The second demonstration came on (our) Monday. Once again it was an action clarified by a prophetic word, that is, an action-parable. The Temple was, of course, the House of God -- for all the nations, in fact, within Herod's huge Court of the Gentiles. But it was also the House of Rome as symbolized by imperial control of the high-priest's sacred vestments and the great golden eagle above its western entrance from the Upper City.

In an earlier demonstration, around the time Jesus was born, a Pharisaic group had been martyred for their attempt to remove that golden eagle. Jesus's own demonstration against Roman control of God's House was accompanied by a quotation from the prophet Jeremiah. He had warned against using worship to replace justice, against turning the Temple into a "den," that is a refuge, safe-house, or hideaway for "thieves." If it continued, said Jeremiah, God would destroy the Temple itself (7:1-15). And that divine threat almost cost Jeremiah his life (26:1-14).

Jesus' action-parable against the Temple fulfills God's threat in Jeremiah 7 just as his action-parable against the City had fulfilled God's promise in Zechariah 9. He symbolically destroys the Temple's fiscal basis by overturning the tables where monies were changed into the standard donation-coinage (Mark 11:15-17). And, again, he got away with it because of the protective screen of "the whole crowd" (Mark 11:18).

By (our) Wednesday morning "the chief priest and the scribes" had decided not to arrest Jesus because it might cause "a riot among the people" (Mark 14:1-2). But by (our) Thursday evening they had discovered -- with or without Judas -- where to intercept Jesus as he went "across the Kidron Valley" from Jerusalem to Bethany every evening (John 18:1).
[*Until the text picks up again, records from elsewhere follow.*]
(* Let $n,i,j$ be positive integers with $i+2\le j\le n-1$, and let $\lambda=i\,n\,(j-1)\,j$ and $\mu=(j-1)\,j\,n\,i$ (words of length $4$). For $\pi\in X_n(\lambda)$ with $\lambda$-decomposition $(\alpha,\lambda,\gamma,\delta)$, the permutation $\gamma'\mu\alpha'\delta$ lies in $X_n(\mu)$ and its $\mu$-decomposition is $(\gamma',\mu,\alpha',\delta)$. The map $X_n(\lambda)\to X_n(\mu)$ given by $(\alpha,\lambda,\gamma,\delta)\mapsto(\gamma',\mu,\alpha',\delta)$ (i.e. $\pi\mapsto\gamma'\mu\alpha'\delta$) is a bijection, whose inverse is the map sending $\sigma\in X_n(\mu)$ with $\mu$-decomposition $(\alpha,\mu,\gamma,\delta)$ to $(\gamma',\lambda,\alpha',\delta)$, i.e. to $\gamma'\lambda\alpha'\delta$.
   Context: For a word $w=w_1\cdots w_k$ of pairwise distinct positive integers, an ascent is an index $t$ with $w_t<w_{t+1}$, a descent one with $w_t>w_{t+1}$, and the height is $h(w)=(\#\text{ascents})-(\#\text{descents})$ ($h(w)=0$ if $k\le1$). The word is ballot if every prefix has nonnegative height. $\mathcal{B}$ denotes the set of all finite ballot words of pairwise distinct positive integers (including the empty word). A ballot permutation of $[n]$ is a permutation $\pi_1\cdots\pi_n$ in one-line notation that is a ballot word. For a word $w$, $w_{-1}$ is its last letter and $w'=w_k\cdots w_1$ its reversal. Juxtaposition denotes concatenation. For a nonempty $\omega\in\mathcal{B}$, $X_n(\omega)$ is the set of ballot permutations $\pi$ of $[n]$ that can be written as $\pi=\alpha\omega\gamma\delta$ (with $\alpha,\gamma,\delta$ possibly empty) such that $h(\alpha\omega\gamma)=h(\omega)$. For $\pi\in X_n(\omega)$, its $\omega$-decomposition is the (unique) 4-tuple $(\alpha,\omega,\gamma,\delta)$ with $\pi=\alpha\omega\gamma\delta$, $h(\alpha\omega\gamma)=h(\omega)$ and $\gamma'\omega_{-1}\in\mathcal{B}$, where $\gamma$ is of maximal length among all words with these properties. *)

From mathcomp Require Import all_boot all_order all_algebra.
Set Implicit Arguments. Unset Strict Implicit. Unset Printing Implicit Defensive.
Import Order.TTheory GRing.Theory Num.Theory.

Definition n_asc (w : seq nat) : nat :=
  count (fun p : nat * nat => p.1 < p.2) (zip w (behead w)).
Definition n_desc (w : seq nat) : nat :=
  count (fun p : nat * nat => p.2 < p.1) (zip w (behead w)).

Definition height (w : seq nat) : int := (n_asc w)%:Z - (n_desc w)%:Z.

Definition ballot (w : seq nat) : Prop :=
  forall k : nat, (0 <= height (take k w))%R.

Definition inB (w : seq nat) : Prop :=
  uniq w /\ all (fun x => 0 < x) w /\ ballot w.

Definition ballot_perm (n : nat) (p : seq nat) : Prop :=
  perm_eq p (iota 1 n) /\ ballot p.

Definition inX (n : nat) (om p : seq nat) : Prop :=
  ballot_perm n p /\
  exists a g d : seq nat, p = a ++ om ++ g ++ d /\ height (a ++ om ++ g) = height om.

(* the three defining properties of an omega-decomposition, without maximality;
   last 0 om is om_{-1} (om is nonempty in all uses) *)
Definition decomp_cond (om p a g d : seq nat) : Prop :=
  p = a ++ om ++ g ++ d /\ height (a ++ om ++ g) = height om /\
  inB (rev g ++ [:: last 0 om]).

Definition is_decomp (om p a g d : seq nat) : Prop :=
  decomp_cond om p a g d /\
  forall a' g' d', decomp_cond om p a' g' d' -> size g' <= size g.

From mathcomp Require Import all_boot all_order all_algebra zify.
From Stdlib Require Import Classical ClassicalEpsilon.
Set Implicit Arguments. Unset Strict Implicit. Unset Printing Implicit Defensive.
Import Order.TTheory GRing.Theory Num.Theory.
Local Open Scope ring_scope.

Definition step (x y : nat) : int := (x < y)%N%:Z - (y < x)%N%:Z.

Definition junction (u v : seq nat) : int :=
  if (u == [::]) || (v == [::]) then 0 else step (last 0%N u) (head 0%N v).

Lemma stepC x y : step y x = - step x y.
Proof. rewrite /step; lia. Qed.

Lemma step_bound x y : -1 <= step x y <= 1.
Proof. by rewrite /step; case: (x < y)%N; case: (y < x)%N. Qed.

Lemma step_neq x y : x != y -> step x y = 1 \/ step x y = -1.
Proof. by rewrite /step; case: ltngtP; [left|right|]. Qed.

Lemma junctionE u v : u != [::] -> v != [::] ->
  junction u v = step (last 0%N u) (head 0%N v).
Proof. by rewrite /junction => /negbTE -> /negbTE ->. Qed.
Jesus was arrested in the darkness apart from his large protective "crowd" and was crucified as swiftly as possible. By the way, do not confuse Jesus' large protective "crowd" with that small "crowd" (six or seven partisans?) who came before Pilate to get Barabbas and not Jesus freed from prison (Mark 15:6-8). If Jesus proclaimed the 'Kingdom of God," sneered Pilate, let him die as "King of the Jews" (Mark 15:2,9,12,18,26).

In Matthew's parabolic aside, the wisest advice Pilate got that day -- our Good Friday -- was from his wife: "Have nothing to do with that innocent man" (27:19). But Pilate replied, I imagine, "What happens in Jerusalem, stays in Jerusalem."